何かと、はぁ、それは私の仕事でしょうか?
と、口をつく逆ギレ男なのだ。

彼を指導する職員は、みんな撃沈していく。
とうとう優しさ溢れる職員の1人が退職したいと、申し出た。

そう、彼はエナジーバンパイヤなのだ。

職員のため息で、負の元気玉ができてしまう。
私は、ため息回収がかりを買って出た。

そして、そのエナジーバンパイヤを
育て上げる決意をする。

彼が、職場に馴染むこと。
確かに、気が遠くなるくらい、大変な仕事が医療業界には転がっている。
彼が士気を失う気持ちも、わかる。


この職員、田所の良いところを探そう月間をしている。

何かしてもらったら、
「ありがとうございます、
仕事が丁寧で、ありがたいです」

「そこを気づいてくださり、
視点が素敵だと思います」

「今日も、出勤大変ですよね、
雨の中お疲れ様です」

そんなふうに声をかけ続ける。
田所には響かない。

「はぁ、来たくて来てるわけじゃないです」
そんな言葉を返される。
シュン。
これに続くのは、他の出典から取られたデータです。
Lemma connected_in_grow (U : {set T}) u v :
  connected_in U -> u \in U -> adj T u v -> connected_in (v |: U).
Proof.
move=> cU uU auv.
have inside a b : a \in U -> b \in U -> connect (induced_adj (v |: U)) a b.
  move=> aU bU; apply: connect_sub (cU a b aU bU) => c d /and3P[cU' dU' acd].
  by apply: connect1; rewrite /= !inE cU' dU' acd !orbT.
have uv : connect (induced_adj (v |: U)) u v.
  by apply: connect1; rewrite /= !inE eqxx uU auv !orbT.
have vu : connect (induced_adj (v |: U)) v u.
  by apply: connect1; rewrite /= !inE eqxx uU adj_sym auv !orbT.
move=> a b; rewrite !inE => /orP[/eqP->|aU] /orP[/eqP->|bU].
- exact: connect0.
- exact: connect_trans vu (inside _ _ uU bU).
- exact: connect_trans (inside _ _ aU uU) uv.
- exact: inside.
Qed.
End Subtrees.

Lemma deg_le_maxdeg (G : sgraph) (x : G) : deg x <= maxdeg G.
Proof. by rewrite /maxdeg; apply: (@leq_bigmax _ (@deg G) x). Qed.

(* A
   vertex u of the growing subtree U carries a reduced word w u and is placed
   at (w u) applied to a fixed root of S; the words of adjacent vertices differ
   by one final letter, which keeps track of the tree structure. *)
Section Embedding.
Variables (s : nat) (T : sgraph) (k g : nat).
Variables (col : host k g -> host k g -> 'I_s) (c : 'I_s).
Variables (S : {set host k g}) (root : host k g).
Hypothesis col_sym : edge_colouring col.
Hypothesis S_core : forall x, x \in S -> maxdeg T <= cdeg col c S x.
Hypothesis root_in_S : root \in S.
Hypothesis T_acyclic : acyclic T.
Hypothesis T_connected : connected T.

Definition place (w : T -> seq (letter k)) (u : T) : host k g :=
  ((eval g (w u) * root.1)%g, odd (size (w u)) (+) root.2).

Lemma place_rcons w w' u v a :
  w' v = rcons (w u) a -> place w' v = step_along a (place w u).
Proof. by move=> E; rewrite /place /step_along E eval_rcons size_rcons /= mulgA addNb. Qed.

Record partial_embedding (U : {set T}) (w : T -> seq (letter k)) : Prop := {
  pe_reduced : forall u, u \in U -> reduced (w u) /\ size (w u) < #|U|;
  pe_core : forall u, u \in U -> place w u \in S;
  pe_edge : forall u v, u \in U -> v \in U -> adj T u v -> cadj col c (place w u) (place w v);
  pe_inj : {in U &, injective w};
  pe_parent : forall u, u \in U -> w u != [::] ->
    exists2 x, x \in U & adj T u x /\ exists b, w u = rcons (w x) b;
  pe_child : forall u x a, u \in U -> x \in U -> w x = rcons (w u) a -> adj T u x;
  pe_connected : connected_in U }.

Lemma partial_embedding1 x0 : partial_embedding [set x0] (fun _ => [::]).
Proof.
have place_root : place (fun _ => [::]) x0 = root by rewrite /place /= mul1g; case: root.
split.
- by move=> u _; rewrite cards1.
- by move=> u /set1P->; rewrite place_root.
- by move=> u v /set1P-> /set1P->; rewrite adj_irr.
- by move=> u v /set1P-> /set1P->.
- by [].
- by move=> u x a _ _ /(f_equal size); rewrite size_rcons.
- by move=> u v /set1P-> /set1P->; apply: connect0.
Qed.

Definition core_letters (x : host k g) : {set letter k} :=
  [set a | (step_along a x \in S) && (col x (step_along a x) == c)].

Lemma card_core_letters x : x \in S -> maxdeg T <= #|core_letters x|.
Proof.
move=> xS; apply: (leq_trans (S_core xS)); rewrite cdegE.
apply: (leq_trans _ (leq_imset_card (fun a => step_along a x) (core_letters x))).
apply: subset_leq_card.
apply/subsetP => y; rewrite inE => /andP[yS /andP[axy cxy]].
have : y \in [set y : host k g | adj (host k g) x y] by rewrite inE.
rewrite host_nbrs => /imsetP[a _ Ey]; apply/imsetP; exists a => //.
by rewrite inE -Ey yS cxy.
Qed.

(* Letters that may not extend w u: the one cancelling its last letter, and
   those already used by a child of u. *)
Definition forbidden (U : {set T}) (w : T -> seq (letter k)) (u : T) : {set letter k} :=
  [set a | (w u != [::]) && (a == inv_letter (last a (w u)))] :|:
  [set a | [exists z in U, w z == rcons (w u) a]].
とする。

ある日、彼は患者様に早くしてくださいと、強めの語気で、話す。

私は彼にゆっくりと話す。

「仕事は忙しいのはわかります。でも、それを支えるのが私たちの仕事です、少し気持ちを大きく持ちましょう」

患者様にも、フォローに入る。
「彼は入りたてで、気持ちのゆとりがないようです。申し訳ありません」

患者様は、「いいのよ、eriちゃん、大丈夫よ」と、言ってくださる。申し訳がない。


ため息が、増える職員の気持ちがわかる。

私たちの仕事。
疾患を持ちながら人生を歩む患者様に
優しさを提供すること。
根本が彼には欠落している。

私も疲弊してしまった。
昨日の帰り際、
「eriさんは、男を手玉にとろうとする節がありますよね?」

田所に、言われた。
私は、女を売っていると思われていた。
背中から、グレムリンが出てきそうだ。


ナースステーションで
「はーーーーー!!、、」

と、大きなため息が出てしまう。

「eri、100年分くらいのhappyを放出しているよ」

普段私が、ため息を回収してる
ツルピカ管理職がニヤニヤしている。


エナジーバンパイヤ。
あなたの職場にも、潜んではいないだろうか。

どうか、私には水をかけないでほしい。
背中からグレムリンが暴れ出す、ギリギリの境地である。

でも、モスキートeriは、決して諦めない。

泣き言モスキート、すまねぇ。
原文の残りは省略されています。